» Assignment: The answer must be the complete listing, copied exactly.
── Given entries
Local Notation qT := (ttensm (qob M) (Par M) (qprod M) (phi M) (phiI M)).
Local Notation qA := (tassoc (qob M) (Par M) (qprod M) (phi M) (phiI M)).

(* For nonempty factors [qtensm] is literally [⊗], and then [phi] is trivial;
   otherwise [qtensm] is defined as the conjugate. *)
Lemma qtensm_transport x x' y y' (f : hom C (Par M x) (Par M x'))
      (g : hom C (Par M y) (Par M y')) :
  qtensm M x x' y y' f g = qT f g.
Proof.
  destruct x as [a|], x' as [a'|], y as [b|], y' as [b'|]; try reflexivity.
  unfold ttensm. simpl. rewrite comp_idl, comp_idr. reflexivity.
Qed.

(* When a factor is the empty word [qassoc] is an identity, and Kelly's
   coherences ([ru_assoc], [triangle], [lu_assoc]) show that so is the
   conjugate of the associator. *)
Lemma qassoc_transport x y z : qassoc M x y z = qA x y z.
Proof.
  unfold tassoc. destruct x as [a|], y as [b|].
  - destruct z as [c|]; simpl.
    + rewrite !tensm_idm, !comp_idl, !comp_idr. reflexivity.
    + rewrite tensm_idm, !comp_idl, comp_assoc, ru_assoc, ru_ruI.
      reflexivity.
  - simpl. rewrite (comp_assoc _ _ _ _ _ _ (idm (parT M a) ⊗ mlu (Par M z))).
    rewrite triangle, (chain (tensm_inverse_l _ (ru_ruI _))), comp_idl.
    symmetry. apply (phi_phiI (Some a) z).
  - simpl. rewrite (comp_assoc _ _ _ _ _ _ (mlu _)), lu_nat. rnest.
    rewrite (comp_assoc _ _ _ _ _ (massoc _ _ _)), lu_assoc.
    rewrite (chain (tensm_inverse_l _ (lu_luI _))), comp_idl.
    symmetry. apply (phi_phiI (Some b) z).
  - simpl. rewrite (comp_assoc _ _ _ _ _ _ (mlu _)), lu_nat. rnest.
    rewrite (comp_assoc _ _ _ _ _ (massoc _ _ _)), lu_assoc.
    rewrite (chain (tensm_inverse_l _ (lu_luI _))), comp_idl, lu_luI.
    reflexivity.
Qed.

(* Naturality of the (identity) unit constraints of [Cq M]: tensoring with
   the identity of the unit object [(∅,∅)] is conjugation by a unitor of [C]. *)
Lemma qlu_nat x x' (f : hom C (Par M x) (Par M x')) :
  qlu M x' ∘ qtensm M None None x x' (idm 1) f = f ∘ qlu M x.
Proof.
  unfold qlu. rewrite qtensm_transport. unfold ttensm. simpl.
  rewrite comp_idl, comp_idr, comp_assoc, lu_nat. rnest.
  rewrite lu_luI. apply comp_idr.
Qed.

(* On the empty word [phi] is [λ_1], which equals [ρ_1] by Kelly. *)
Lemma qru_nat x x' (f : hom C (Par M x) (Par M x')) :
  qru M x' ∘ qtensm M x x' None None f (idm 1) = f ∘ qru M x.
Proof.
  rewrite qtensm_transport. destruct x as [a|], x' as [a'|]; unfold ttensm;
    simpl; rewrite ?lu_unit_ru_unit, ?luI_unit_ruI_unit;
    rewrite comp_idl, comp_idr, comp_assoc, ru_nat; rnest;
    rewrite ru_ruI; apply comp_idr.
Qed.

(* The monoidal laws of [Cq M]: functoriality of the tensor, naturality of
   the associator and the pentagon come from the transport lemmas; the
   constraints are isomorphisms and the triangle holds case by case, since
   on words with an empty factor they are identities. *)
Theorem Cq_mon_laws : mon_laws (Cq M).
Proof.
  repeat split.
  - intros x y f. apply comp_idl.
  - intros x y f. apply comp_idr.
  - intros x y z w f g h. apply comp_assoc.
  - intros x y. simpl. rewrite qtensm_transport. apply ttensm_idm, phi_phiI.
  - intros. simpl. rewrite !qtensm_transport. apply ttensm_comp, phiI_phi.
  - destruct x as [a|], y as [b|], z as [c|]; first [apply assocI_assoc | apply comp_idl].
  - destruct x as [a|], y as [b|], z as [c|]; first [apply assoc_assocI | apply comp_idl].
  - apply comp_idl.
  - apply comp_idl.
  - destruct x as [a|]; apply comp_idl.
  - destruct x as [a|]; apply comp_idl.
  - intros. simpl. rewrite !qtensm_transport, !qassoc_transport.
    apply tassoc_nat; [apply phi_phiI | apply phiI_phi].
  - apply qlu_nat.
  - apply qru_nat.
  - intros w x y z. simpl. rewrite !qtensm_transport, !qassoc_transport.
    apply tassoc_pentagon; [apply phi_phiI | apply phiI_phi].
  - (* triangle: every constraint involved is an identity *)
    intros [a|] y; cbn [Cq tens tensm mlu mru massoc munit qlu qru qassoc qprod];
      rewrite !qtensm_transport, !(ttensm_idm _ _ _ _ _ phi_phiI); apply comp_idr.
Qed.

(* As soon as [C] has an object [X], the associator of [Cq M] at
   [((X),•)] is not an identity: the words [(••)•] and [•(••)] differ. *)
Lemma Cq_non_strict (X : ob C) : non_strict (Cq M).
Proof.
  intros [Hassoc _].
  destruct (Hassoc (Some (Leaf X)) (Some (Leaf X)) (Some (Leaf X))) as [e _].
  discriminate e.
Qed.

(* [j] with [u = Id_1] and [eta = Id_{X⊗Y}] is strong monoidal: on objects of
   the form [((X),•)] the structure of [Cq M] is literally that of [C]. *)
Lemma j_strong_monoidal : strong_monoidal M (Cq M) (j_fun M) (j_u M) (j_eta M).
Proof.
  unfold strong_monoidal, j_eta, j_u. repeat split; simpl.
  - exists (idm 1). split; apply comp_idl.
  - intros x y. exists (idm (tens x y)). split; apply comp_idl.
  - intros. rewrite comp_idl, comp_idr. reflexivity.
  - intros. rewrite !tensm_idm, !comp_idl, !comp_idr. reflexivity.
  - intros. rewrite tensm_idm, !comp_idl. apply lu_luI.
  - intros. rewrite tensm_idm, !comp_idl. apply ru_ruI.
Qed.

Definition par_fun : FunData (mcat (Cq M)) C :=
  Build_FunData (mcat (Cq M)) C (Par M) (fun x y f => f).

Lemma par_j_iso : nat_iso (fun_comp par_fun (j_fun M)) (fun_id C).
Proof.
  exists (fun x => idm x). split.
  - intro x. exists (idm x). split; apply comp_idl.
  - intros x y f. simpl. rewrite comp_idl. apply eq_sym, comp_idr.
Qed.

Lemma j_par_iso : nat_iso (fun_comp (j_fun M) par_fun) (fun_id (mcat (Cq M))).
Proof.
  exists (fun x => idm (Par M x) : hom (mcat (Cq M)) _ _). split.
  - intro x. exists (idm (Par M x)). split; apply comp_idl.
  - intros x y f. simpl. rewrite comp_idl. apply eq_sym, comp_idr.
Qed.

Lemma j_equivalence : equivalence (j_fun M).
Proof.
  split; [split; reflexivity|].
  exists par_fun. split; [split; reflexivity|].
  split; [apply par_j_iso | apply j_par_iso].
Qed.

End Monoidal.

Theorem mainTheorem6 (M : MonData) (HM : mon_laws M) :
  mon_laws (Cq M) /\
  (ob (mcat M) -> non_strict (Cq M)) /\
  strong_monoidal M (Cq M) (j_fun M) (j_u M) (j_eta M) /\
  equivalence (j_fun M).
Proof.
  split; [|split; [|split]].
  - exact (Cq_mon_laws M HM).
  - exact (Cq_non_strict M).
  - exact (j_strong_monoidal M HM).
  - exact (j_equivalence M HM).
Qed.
────
» Response box:
Local Notation qT := (ttensm (qob M) (Par M) (qprod M) (phi M) (phiI M)).
Local Notation qA := (tassoc (qob M) (Par M) (qprod M) (phi M) (phiI M)).

(* For nonempty factors [qtensm] is literally [⊗], and then [phi] is trivial;
   otherwise [qtensm] is defined as the conjugate. *)
Lemma qtensm_transport x x' y y' (f : hom C (Par M x) (Par M x'))
      (g : hom C (Par M y) (Par M y')) :
  qtensm M x x' y y' f g = qT f g.
Proof.
  destruct x as [a|], x' as [a'|], y as [b|], y' as [b'|]; try reflexivity.
  unfold ttensm. simpl. rewrite comp_idl, comp_idr. reflexivity.
Qed.

(* When a factor is the empty word [qassoc] is an identity, and Kelly's
   coherences ([ru_assoc], [triangle], [lu_assoc]) show that so is the
   conjugate of the associator. *)
Lemma qassoc_transport x y z : qassoc M x y z = qA x y z.
Proof.
  unfold tassoc. destruct x as [a|], y as [b|].
  - destruct z as [c|]; simpl.
    + rewrite !tensm_idm, !comp_idl, !comp_idr. reflexivity.
    + rewrite tensm_idm, !comp_idl, comp_assoc, ru_assoc, ru_ruI.
      reflexivity.
  - simpl. rewrite (comp_assoc _ _ _ _ _ _ (idm (parT M a) ⊗ mlu (Par M z))).
    rewrite triangle, (chain (tensm_inverse_l _ (ru_ruI _))), comp_idl.
    symmetry. apply (phi_phiI (Some a) z).
  - simpl. rewrite (comp_assoc _ _ _ _ _ _ (mlu _)), lu_nat. rnest.
    rewrite (comp_assoc _ _ _ _ _ (massoc _ _ _)), lu_assoc.
    rewrite (chain (tensm_inverse_l _ (lu_luI _))), comp_idl.
    symmetry. apply (phi_phiI (Some b) z).
  - simpl. rewrite (comp_assoc _ _ _ _ _ _ (mlu _)), lu_nat. rnest.
    rewrite (comp_assoc _ _ _ _ _ (massoc _ _ _)), lu_assoc.
    rewrite (chain (tensm_inverse_l _ (lu_luI _))), comp_idl, lu_luI.
    reflexivity.
Qed.

(* Naturality of the (identity) unit constraints of [Cq M]: tensoring with
   the identity of the unit object [(∅,∅)] is conjugation by a unitor of [C]. *)
Lemma qlu_nat x x' (f : hom C (Par M x) (Par M x')) :
  qlu M x' ∘ qtensm M None None x x' (idm 1) f = f ∘ qlu M x.
Proof.
  unfold qlu. rewrite qtensm_transport. unfold ttensm. simpl.
  rewrite comp_idl, comp_idr, comp_assoc, lu_nat. rnest.
  rewrite lu_luI. apply comp_idr.
Qed.

(* On the empty word [phi] is [λ_1], which equals [ρ_1] by Kelly. *)
Lemma qru_nat x x' (f : hom C (Par M x) (Par M x')) :
  qru M x' ∘ qtensm M x x' None None f (idm 1) = f ∘ qru M x.
Proof.
  rewrite qtensm_transport. destruct x as [a|], x' as [a'|]; unfold ttensm;
    simpl; rewrite ?lu_unit_ru_unit, ?luI_unit_ruI_unit;
    rewrite comp_idl, comp_idr, comp_assoc, ru_nat; rnest;
    rewrite ru_ruI; apply comp_idr.
Qed.

(* The monoidal laws of [Cq M]: functoriality of the tensor, naturality of
   the associator and the pentagon come from the transport lemmas; the
   constraints are isomorphisms and the triangle holds case by case, since
   on words with an empty factor they are identities. *)
Theorem Cq_mon_laws : mon_laws (Cq M).
Proof.
  repeat split.
  - intros x y f. apply comp_idl.
  - intros x y f. apply comp_idr.
  - intros x y z w f g h. apply comp_assoc.
  - intros x y. simpl. rewrite qtensm_transport. apply ttensm_idm, phi_phiI.
  - intros. simpl. rewrite !qtensm_transport. apply ttensm_comp, phiI_phi.
  - destruct x as [a|], y as [b|], z as [c|]; first [apply assocI_assoc | apply comp_idl].
  - destruct x as [a|], y as [b|], z as [c|]; first [apply assoc_assocI | apply comp_idl].
  - apply comp_idl.
  - apply comp_idl.
  - destruct x as [a|]; apply comp_idl.
  - destruct x as [a|]; apply comp_idl.
  - intros. simpl. rewrite !qtensm_transport, !qassoc_transport.
    apply tassoc_nat; [apply phi_phiI | apply phiI_phi].
  - apply qlu_nat.
  - apply qru_nat.
  - intros w x y z. simpl. rewrite !qtensm_transport, !qassoc_transport.
    apply tassoc_pentagon; [apply phi_phiI | apply phiI_phi].
  - (* triangle: every constraint involved is an identity *)
    intros [a|] y; cbn [Cq tens tensm mlu mru massoc munit qlu qru qassoc qprod];
      rewrite !qtensm_transport, !(ttensm_idm _ _ _ _ _ phi_phiI); apply comp_idr.
Qed.

(* As soon as [C] has an object [X], the associator of [Cq M] at
   [((X),•)] is not an identity: the words [(••)•] and [•(••)] differ. *)
Lemma Cq_non_strict (X : ob C) : non_strict (Cq M).
Proof.
  intros [Hassoc _].
  destruct (Hassoc (Some (Leaf X)) (Some (Leaf X)) (Some (Leaf X))) as [e _].
  discriminate e.
Qed.

(* [j] with [u = Id_1] and [eta = Id_{X⊗Y}] is strong monoidal: on objects of
   the form [((X),•)] the structure of [Cq M] is literally that of [C]. *)
Lemma j_strong_monoidal : strong_monoidal M (Cq M) (j_fun M) (j_u M) (j_eta M).
Proof.
  unfold strong_monoidal, j_eta, j_u. repeat split; simpl.
  - exists (idm 1). split; apply comp_idl.
  - intros x y. exists (idm (tens x y)). split; apply comp_idl.
  - intros. rewrite comp_idl, comp_idr. reflexivity.
  - intros. rewrite !tensm_idm, !comp_idl, !comp_idr. reflexivity.
  - intros. rewrite tensm_idm, !comp_idl. apply lu_luI.
  - intros. rewrite tensm_idm, !comp_idl. apply ru_ruI.
Qed.

Definition par_fun : FunData (mcat (Cq M)) C :=
  Build_FunData (mcat (Cq M)) C (Par M) (fun x y f => f).

Lemma par_j_iso : nat_iso (fun_comp par_fun (j_fun M)) (fun_id C).
Proof.
  exists (fun x => idm x). split.
  - intro x. exists (idm x). split; apply comp_idl.
  - intros x y f. simpl. rewrite comp_idl. apply eq_sym, comp_idr.
Qed.

Lemma j_par_iso : nat_iso (fun_comp (j_fun M) par_fun) (fun_id (mcat (Cq M))).
Proof.
  exists (fun x => idm (Par M x) : hom (mcat (Cq M)) _ _). split.
  - intro x. exists (idm (Par M x)). split; apply comp_idl.
  - intros x y f. simpl. rewrite comp_idl. apply eq_sym, comp_idr.
Qed.

Lemma j_equivalence : equivalence (j_fun M).
Proof.
  split; [split; reflexivity|].
  exists par_fun. split; [split; reflexivity|].
  split; [apply par_j_iso | apply j_par_iso].
Qed.

End Monoidal.

Theorem mainTheorem6 (M : MonData) (HM : mon_laws M) :
  mon_laws (Cq M) /\
  (ob (mcat M) -> non_strict (Cq M)) /\
  strong_monoidal M (Cq M) (j_fun M) (j_u M) (j_eta M) /\
  equivalence (j_fun M).
Proof.
  split; [|split; [|split]].
  - exact (Cq_mon_laws M HM).
  - exact (Cq_non_strict M).
  - exact (j_strong_monoidal M HM).
  - exact (j_equivalence M HM).
Qed.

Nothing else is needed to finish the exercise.